## Collected data entries
******************************

(* Let $n,m,k$ be positive integers with $m\le n$. Let $W=(w_{ij})_{i,j=1}^m$ be a weighing matrix of order $m$ and weight $k$, and let $K_{i,j}$ ($i,j\in\{1,\ldots,m\}$) be $n\times n$ monomial $(0,1)$-matrices such that $\sum_{l=1}^mK_{i,l}K_{j,l}^\top$ is a $(0,1)$-matrix for all distinct $i,j$. For $i\in\{1,\ldots,m\}$ let $W_i$ be the $nm\times nm$ block matrix whose $(a,b)$-block is $w_{ab}K_{i,b}$ ($a,b\in\{1,\ldots,m\}$). Then (1) each $W_i$ is a weighing matrix of order $nm$ and weight $k$; (2) $W_1,\ldots,W_m$ are mutually quasi-unbiased weighing matrices for the parameters $(nm,k,k^2,1)$.
   Context: A weighing matrix of order $n$ and weight $k$ is an $n\times n$ $(0,1,-1)$-matrix $W$ with $WW^\top=kI_n$. A monomial $(0,1)$-matrix is a permutation matrix. Weighing matrices $W_1,W_2$ of order $n$ and weight $k$ are quasi-unbiased for parameters $(n,k,l,a)$ if $\frac1{\sqrt a}W_1W_2^\top$ is a weighing matrix of order $n$ and weight $l$; mutually quasi-unbiased means pairwise quasi-unbiased. *)

From HB Require Import structures.
From mathcomp Require Import all_boot all_order all_algebra all_fingroup.
Set Implicit Arguments. Unset Strict Implicit. Unset Printing Implicit Defensive.
Import Order.TTheory GRing.Theory Num.Theory.
Local Open Scope ring_scope.

Definition weighing (R : rcfType) (N : nat) (A : 'M[R]_N) (k : nat) : Prop :=
  (forall i j, A i j \in [:: 0; 1; -1]) /\ A *m A^T = (k%:R)%:M.

Definition zero_one_mx (R : rcfType) (p q : nat) (A : 'M[R]_(p, q)) : Prop :=
  forall i j, A i j \in [:: 0; 1].

Definition quasi_unbiased (R : rcfType) (N : nat) (A B : 'M[R]_N)
    (k l a : nat) : Prop :=
  weighing A k /\ weighing B k /\
  weighing ((Num.sqrt (a%:R))^-1 *: (A *m B^T)) l.

(* The bijection 'I_(m*n) -> 'I_m * 'I_n : p = a*n + r  |->  (a, r)
   (inverse of mathcomp's mxvec_index, row-major order). *)
Definition blk_idx (m n : nat) (p : 'I_(m * n)) : 'I_m * 'I_n :=
  enum_val (cast_ord (esym (mxvec_cast m n)) p).

Definition block_W (R : rcfType) (m n : nat) (W : 'M[R]_m)
    (K : 'I_m -> 'I_m -> 'M[R]_n) (i : 'I_m) : 'M[R]_(m * n) :=
  \matrix_(p, q)
    (W (blk_idx p).1 (blk_idx q).1 * K i (blk_idx q).1 (blk_idx p).2 (blk_idx q).2).

From HB Require Import structures.
From mathcomp Require Import all_boot all_order all_algebra all_fingroup.
From mathcomp Require Import ring lra.
Set Implicit Arguments. Unset Strict Implicit. Unset Printing Implicit Defensive.
Import Order.TTheory GRing.Theory Num.Theory.
Local Open Scope ring_scope.

(** The (a,c)-block of W_i W_j^T is sum_b w_ab w_cb K_ib K_jb^T.  For i = j each
    K_ib K_ib^T is the identity, so the product is (W W^T) (x) I = k I.  For i <> j
    the entry at (r,s) of that block is sum_b w_ab w_cb x_b with x_b in {0,1} and
    sum_b x_b in {0,1}, so at most one term survives and the entry is 0 or +-1;
    moreover (W_i W_j^T)(W_i W_j^T)^T = W_i (W_j^T W_j) W_i^T = k^2 I. *)

Lemma blk_idx_bij (m n : nat) : bijective (@blk_idx m n).
Proof.
exists (fun x => cast_ord (mxvec_cast m n) (enum_rank x)) => [p|x].
  by rewrite /blk_idx enum_valK cast_ordKV.
by rewrite /blk_idx cast_ordK enum_rankK.
Qed.

Lemma blk_idx_eq (m n : nat) (p q : 'I_(m * n)) :
  (p == q) = ((blk_idx p).1 == (blk_idx q).1) && ((blk_idx p).2 == (blk_idx q).2).
Proof.
rewrite -(inj_eq (bij_inj (blk_idx_bij m n))).
by case: (blk_idx p) (blk_idx q) => [a b] [c d].
Qed.

Lemma sum_blk_idx (V : nmodType) (m n : nat) (F : 'I_m -> 'I_n -> V) :
  \sum_(p < m * n) F (blk_idx p).1 (blk_idx p).2 = \sum_(a < m) \sum_(r < n) F a r.
Proof.
rewrite pair_big /= (reindex (@blk_idx m n)) //.
exact/onW_bij/blk_idx_bij.
Qed.

Lemma mem_signsM (R : pzRingType) (x y : R) :
  x \in [:: 0; 1; -1] -> y \in [:: 0; 1; -1] -> x * y \in [:: 0; 1; -1].
Proof.
by rewrite !inE => /or3P[]/eqP-> /or3P[]/eqP->;
  rewrite ?mul0r ?mulr0 ?mulrNN ?mul1r ?mulr1 ?eqxx ?orbT.
Qed.

Lemma perm_mx_entry01 (R : pzRingType) (n : nat) (A : 'M[R]_n) i j :
  is_perm_mx A -> A i j \in [:: 0; 1].
Proof.
case/is_perm_mxP => s ->; rewrite !mxE.
by case: (s i == j); rewrite !inE eqxx ?orbT.
Qed.

Lemma perm_mx_mul_tr (R : comPzRingType) (n : nat) (A : 'M[R]_n) :
  is_perm_mx A -> A *m A^T = 1%:M.
Proof.
by case/is_perm_mxP => s ->; rewrite tr_perm_mx -perm_mxM mulgV perm_mx1.
Qed.

(* At most one [x b] is nonzero, so the sum is one of the [c b] or 0. *)
Lemma sum_mulr_01_signs (R : realDomainType) (I : finType) (c x : I -> R) :
  (forall b, c b \in [:: 0; 1; -1]) -> (forall b, x b \in [:: 0; 1]) ->
  \sum_b x b \in [:: 0; 1] -> \sum_b c b * x b \in [:: 0; 1; -1].
Proof.
move=> c_sign x01 sum01.
have x_ge0 b : 0 <= x b by move: (x01 b); rewrite !inE => /orP[]/eqP->.
case: (pickP (fun b => x b == 1)) => [b0 /eqP xb0 | no_one]; last first.
  rewrite big1 ?inE ?eqxx // => b _.
  by move: (x01 b) (no_one b); rewrite !inE /= => /orP[]/eqP->; rewrite ?eqxx ?mulr0.
have rest0 : \sum_(b | b != b0) x b = 0.
  have rest_ge0 : 0 <= \sum_(b | b != b0) x b by exact: sumr_ge0.
  move: sum01; rewrite (bigD1 b0) //= xb0 !inE => /orP[]/eqP; lra.
have others0 := psumr_eq0P (fun b _ => x_ge0 b) rest0.
rewrite (bigD1 b0) //= big1 ?addr0 => [|b /others0->]; last by rewrite mulr0.
by rewrite xb0 mulr1.
Qed.

Lemma weighing_tr_mul (R : rcfType) (N k : nat) (A : 'M[R]_N) :
  (0 < k)%N -> weighing A k -> A^T *m A = (k%:R)%:M.
Proof.
move=> k_gt0 [_ AAT]; have k_neq0 : (k%:R : R) != 0 by rewrite pnatr_eq0 -lt0n.
have inv_left : (k%:R^-1 *: A^T) *m A = 1%:M.
  by apply: mulmx1C; rewrite -scalemxAr AAT scale_scalar_mx mulVf.
by rewrite -scalemx1 -inv_left -scalemxAl scalerA divff // scale1r.
Qed.

Lemma weighing_mul_tr (R : rcfType) (N k : nat) (A B : 'M[R]_N) :
  (0 < k)%N -> weighing A k -> weighing B k ->
  (forall p q, (A *m B^T) p q \in [:: 0; 1; -1]) -> weighing (A *m B^T) (k ^ 2).
Proof.
move=> k_gt0 wA wB signs; split=> //.
rewrite trmx_mul trmxK mulmxA -(mulmxA A) (weighing_tr_mul k_gt0 wB).
by rewrite mul_mx_scalar -scalemxAl wA.2 scale_scalar_mx natrX expr2.
Qed.

Section BlockMatrices.

Variables (R : rcfType) (m n : nat) (W : 'M[R]_m) (K : 'I_m -> 'I_m -> 'M[R]_n).

Lemma block_W_mul_trE i j p q :
  (block_W W K i *m (block_W W K j)^T) p q =
  \sum_(b < m) W (blk_idx p).1 b * W (blk_idx q).1 b *
      (K i b *m (K j b)^T) (blk_idx p).2 (blk_idx q).2.
Proof.
rewrite mxE; under eq_bigr do rewrite !mxE.
rewrite (sum_blk_idx (fun b t => W (blk_idx p).1 b * K i b (blk_idx p).2 t *
   (W (blk_idx q).1 b * K j b (blk_idx q).2 t))).
apply: eq_bigr => b _; rewrite mxE big_distrr /=.
by apply: eq_bigr => t _; rewrite !mxE; ring.
Qed.

Variable k : nat.
Hypotheses (K_perm : forall i j, is_perm_mx (K i j)) (W_weighing : weighing W k).

Lemma block_W_weighing i : weighing (block_W W K i) k.
Proof.
have [W_signs WWT] := W_weighing; split.
  move=> p q; rewrite mxE; apply: mem_signsM => //.
  by move: (perm_mx_entry01 (blk_idx p).2 (blk_idx q).2 (K_perm i (blk_idx q).1));
    rewrite !inE => /orP[]->; rewrite ?orbT.
apply/matrixP => p q; rewrite block_W_mul_trE.
under eq_bigr do rewrite perm_mx_mul_tr //.
rewrite -big_distrl /=.
have -> : \sum_(b < m) W (blk_idx p).1 b * W (blk_idx q).1 b
    = (W *m W^T) (blk_idx p).1 (blk_idx q).1.
  by rewrite mxE; apply: eq_bigr => b _; rewrite mxE.
rewrite WWT !mxE blk_idx_eq.
by case: (_ == _); case: (_ == _); rewrite ?mulr1n ?mulr0n ?mulr0 ?mul0r ?mulr1.
Qed.

Lemma block_W_cross_signs i j p q :
  zero_one_mx (\sum_(l < m) K i l *m (K j l)^T) ->
  (block_W W K i *m (block_W W K j)^T) p q \in [:: 0; 1; -1].
Proof.
move=> sum01; rewrite block_W_mul_trE.
apply: sum_mulr_01_signs => [b|b|].
- by apply: mem_signsM; apply: W_weighing.1.
- by apply: perm_mx_entry01; rewrite is_perm_mxMl // is_perm_mx_tr.
- by have := sum01 (blk_idx p).2 (blk_idx q).2; rewrite summxE.
Qed.

End BlockMatrices.

Theorem lemma4p6 (R : rcfType) (n m k : nat) (hn : (0 < n)%N) (hm : (0 < m)%N)
    (hk : (0 < k)%N) (hmn : (m <= n)%N)
    (W : 'M[R]_m) (K : 'I_m -> 'I_m -> 'M[R]_n)
    (hW : weighing W k)
    (hK : forall i j, is_perm_mx (K i j))
    (hsum : forall i j : 'I_m, i != j ->
       zero_one_mx (\sum_(l < m) K i l *m (K j l)^T)) :
  (forall i : 'I_m, weighing (block_W W K i) k) /\
  (forall i j : 'I_m, i != j ->
     quasi_unbiased (block_W W K i) (block_W W K j) k (k ^ 2) 1).
Proof.
have W_i_weighing := block_W_weighing hK hW.
split=> // i j ij; do 2!split=> //.
rewrite sqrtr1 invr1 scale1r.
apply: weighing_mul_tr => // p q.
exact: (block_W_cross_signs hK hW p q (hsum i j ij)).
Qed.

******************************

## Action item
Return only those lines of the records that contain the string "case".

## Task answer
by case: (blk_idx p) (blk_idx q) => [a b] [c d].
case/is_perm_mxP => s ->; rewrite !mxE.
by case: (s i == j); rewrite !inE eqxx ?orbT.
by case/is_perm_mxP => s ->; rewrite tr_perm_mx -perm_mxM mulgV perm_mx1.
case: (pickP (fun b => x b == 1)) => [b0 /eqP xb0 | no_one]; last first.
by case: (_ == _); case: (_ == _); rewrite ?mulr1n ?mulr0n ?mulr0 ?mul0r ?mulr1.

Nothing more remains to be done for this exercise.